Eligibility Criteria
Ages Eligible for Study
18 years and older (Adult, Older Adult)
Accepts Healthy Volunteers
No
Genders Eligible for Study
All
Description
Inclusion Criteria:
- PD: Diagnosis of PD along international criteria, with mild to moderate disease severity (Hoehn and Yahr scale, stages ll-lll)
- PD: Ability to apply the intervention for the duration of study
- MCI: Diagnosis of MCI along international criteria, with a predominant amnestic presentation (single- or multi-domain amnestic MCI)
- MCI: Presence of a cohabitant person who could assist with the application
- MCI: Ability to apply the intervention for the duration of study, with assistance of co-habitant if needed
PD and MCI:
- Age above 18 years
- Informed consent as documented by signature
- Stable home situation (e.g. long-term place to live) that allows for reliable application of intervention for the duration of the study
- Sufficient German language comprehension to follow the study procedures and answer all questions related to the study outcomes
- Dosing of dopaminergic, cholinergic, and other PD or MCI medication must have been stable for at least 14 days prior to start of the first intervention
- Negative pregnancy test during screening (except in women who are surgically sterilized/hysterectomized or postmenopausal for longer than 1 year)
Exclusion Criteria:
- PD: Presence of neurologic, psychiatric, or sleep disorders (others than associated with PD)
- PD: Parkinsonism without response to levodopa; Atypical Parkinsonian syndromes
- PD: Cognitive impairment (Montréal Cognitive Assessment [MoCA] <24)
- MCI: Present diagnosis of a neurological (other than MCI) or interfering psychiatric disease or sleep disorder (e.g. sleep apnoea syndrome, restless legs syndrome)
PD and MCI:
- Severe medical conditions as renal insufficiency, liver failure or congestive heart failure
- Regular use of the following drugs: Benzodiazepines and other central nervous system (CNS)-depressant substances, melatonin and other sleep inducing substances, approved drugs for Alzheimer-type dementia (acetylcholine-esterase inhibitor, memantine)
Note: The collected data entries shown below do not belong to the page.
Definition side_thin (delta : R) (g1 : R -> pt) (L1 : R)
    (g2 : R -> pt) (L2 : R) (g3 : R -> pt) (L3 : R) : Prop :=
  forall s, 0 <= s <= L1 ->
    (exists s', 0 <= s' <= L2 /\ exists r, pdist (g1 s) (g2 s') r /\ r <= delta) \/
    (exists s', 0 <= s' <= L3 /\ exists r, pdist (g1 s) (g3 s') r /\ r <= delta).

Definition hyperbolic (delta : R) : Prop :=
  forall (x y z : pt) (g1 g2 g3 : R -> pt) (L1 L2 L3 : R),
    valid x -> valid y -> valid z ->
    geodesic g1 L1 x y -> geodesic g2 L2 y z -> geodesic g3 L3 z x ->
    side_thin delta g1 L1 g2 L2 g3 L3 /\
    side_thin delta g2 L2 g3 L3 g1 L1 /\
    side_thin delta g3 L3 g1 L1 g2 L2.

(* s_p ... s_q for 1 <= p <= q <= length l (1-based indices) *)
Definition seg (l : list G) (p q : nat) : list G :=
  firstn (q - p + 1) (skipn (p - 1) l).

Definition simple_rel (l : list G) : Prop :=
  (2 < length l)%nat /\ Forall Spm l /\ gprod l = gone G /\
  forall p q, (1 <= p)%nat -> (p <= q)%nat -> (q <= length l)%nat ->
    (gprod (seg l p q) = gone G <-> (p = 1%nat /\ q = length l)).

Definition chordal (i0 k : R) : Prop :=
  forall l : list G, simple_rel l -> k <= INR (length l) ->
    exists i j : nat,
      (1 <= i)%nat /\ INR i <= i0 /\ (i < j)%nat /\ (j <= length l)%nat /\
      exists l' : list G, Forall Spm l' /\
        gprod (seg l i j) = gprod l' /\
        (* r <= min (j - i, n - j + i - 2) *)
        (length l' + i <= j)%nat /\ (length l' + 2 + j <= length l + i)%nat.

End Cayley.

From Stdlib Require Import Reals List Lia Lra ZArith Classical.
Open Scope R_scope.

(* A simple relation s_1 ... s_n = e traces a cycle of length n in the Cayley
   graph, through the vertices v_k = s_1 ... s_k.  Suppose no chord starts at
   one of the first m + 1 letters, where m > 2 delta and 2m < n.  A path from
   v_x (x <= m) to v_y shorter than both arcs of the cycle between them would
   be such a chord, so these word distances are distances along the cycle.
   Prolonging a path between two vertices of an arc of length at most n/2 back
   to the start v_x of the arc (x <= m), or forward to its end v_n = v_0, shows
   that such an arc is a geodesic.  The arcs [0, m], [m, n/2] and [n/2, n]
   thus form a geodesic triangle in which the midpoint of the first side is at
   distance m/2 > delta from the two others, contradicting delta-thinness.
   With m = floor(2 delta) + 1 the chord starts at i <= 2 delta + 2, which is
   at most 4 delta + 2. *)

Section GroupFacts.
Context {G : group}.

Lemma gmul_cancel_l (x a b : G) : gmul G x a = gmul G x b -> a = b.
Proof.
  intro H.
  rewrite <- (gmul1l G a), <- (gmul1l G b), <- (gmulVl G x), <- !gmulA, H.
  reflexivity.
Qed.

Lemma ginv_unique (x y : G) : gmul G x y = gone G -> y = ginv G x.
Proof. intro H. apply (gmul_cancel_l x). rewrite H, gmulVr. reflexivity. Qed.

Lemma ginv_involutive (x : G) : ginv G (ginv G x) = x.
Proof. symmetry. apply ginv_unique, gmulVl. Qed.

Lemma ginv_one : ginv G (gone G) = gone G.
Proof. symmetry. apply ginv_unique, gmul1l. Qed.

Lemma ginv_mul (x y : G) : ginv G (gmul G x y) = gmul G (ginv G y) (ginv G x).
Proof.
  symmetry. apply ginv_unique.
  rewrite !gmulA, <- (gmulA G x y), gmulVr, gmul1r, gmulVr. reflexivity.
Qed.

Lemma gprod_app (l1 l2 : list G) :
  gprod G (l1 ++ l2) = gmul G (gprod G l1) (gprod G l2).
Proof.
  induction l1 as [|a l1 IH]; simpl.
  - rewrite gmul1l. reflexivity.
  - unfold gprod in *. simpl. rewrite IH, gmulA. reflexivity.
Qed.

Definition winv (l : list G) : list G := rev (map (ginv G) l).

Lemma length_winv (l : list G) : length (winv l) = length l.
Proof. unfold winv. rewrite length_rev, length_map. reflexivity. Qed.

Lemma gprod_winv (l : list G) : gprod G (winv l) = ginv G (gprod G l).
Proof.
  induction l as [|a l IH]; unfold winv in *; simpl.
  - rewrite ginv_one. reflexivity.
  - rewrite gprod_app, IH, ginv_mul. unfold gprod at 2. simpl. rewrite gmul1r. reflexivity.
Qed.

Lemma gmul_winv (x y : G) (l : list G) :
  gmul G x (gprod G l) = y -> gmul G y (gprod G (winv l)) = x.
Proof. intros <-. rewrite gprod_winv, <- gmulA, gmulVr, gmul1r. reflexivity. Qed.

End GroupFacts.

Section CayleyGraph.
Context {G : group} (gens : list G).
- Inability to hear the tones produced by the TSB Axo
- Skin disorders/problems/allergies in face/ear area that could worsen with electrode application
- Known or suspected drug- or medication abuse
- Known or suspected non-compliance
- Participation in another study with investigational drug or investigational medical devices within the 30 days preceding and during the present study
- Previous enrolment in the current study
- Enrolment of the investigator, his/her family members, employees and other dependent persons
- Shift work (work during the night)
- Travelling more than 2 time zones in the last month before intervention starts or during intervention (start of intervention will be adapted to fit with this criteria)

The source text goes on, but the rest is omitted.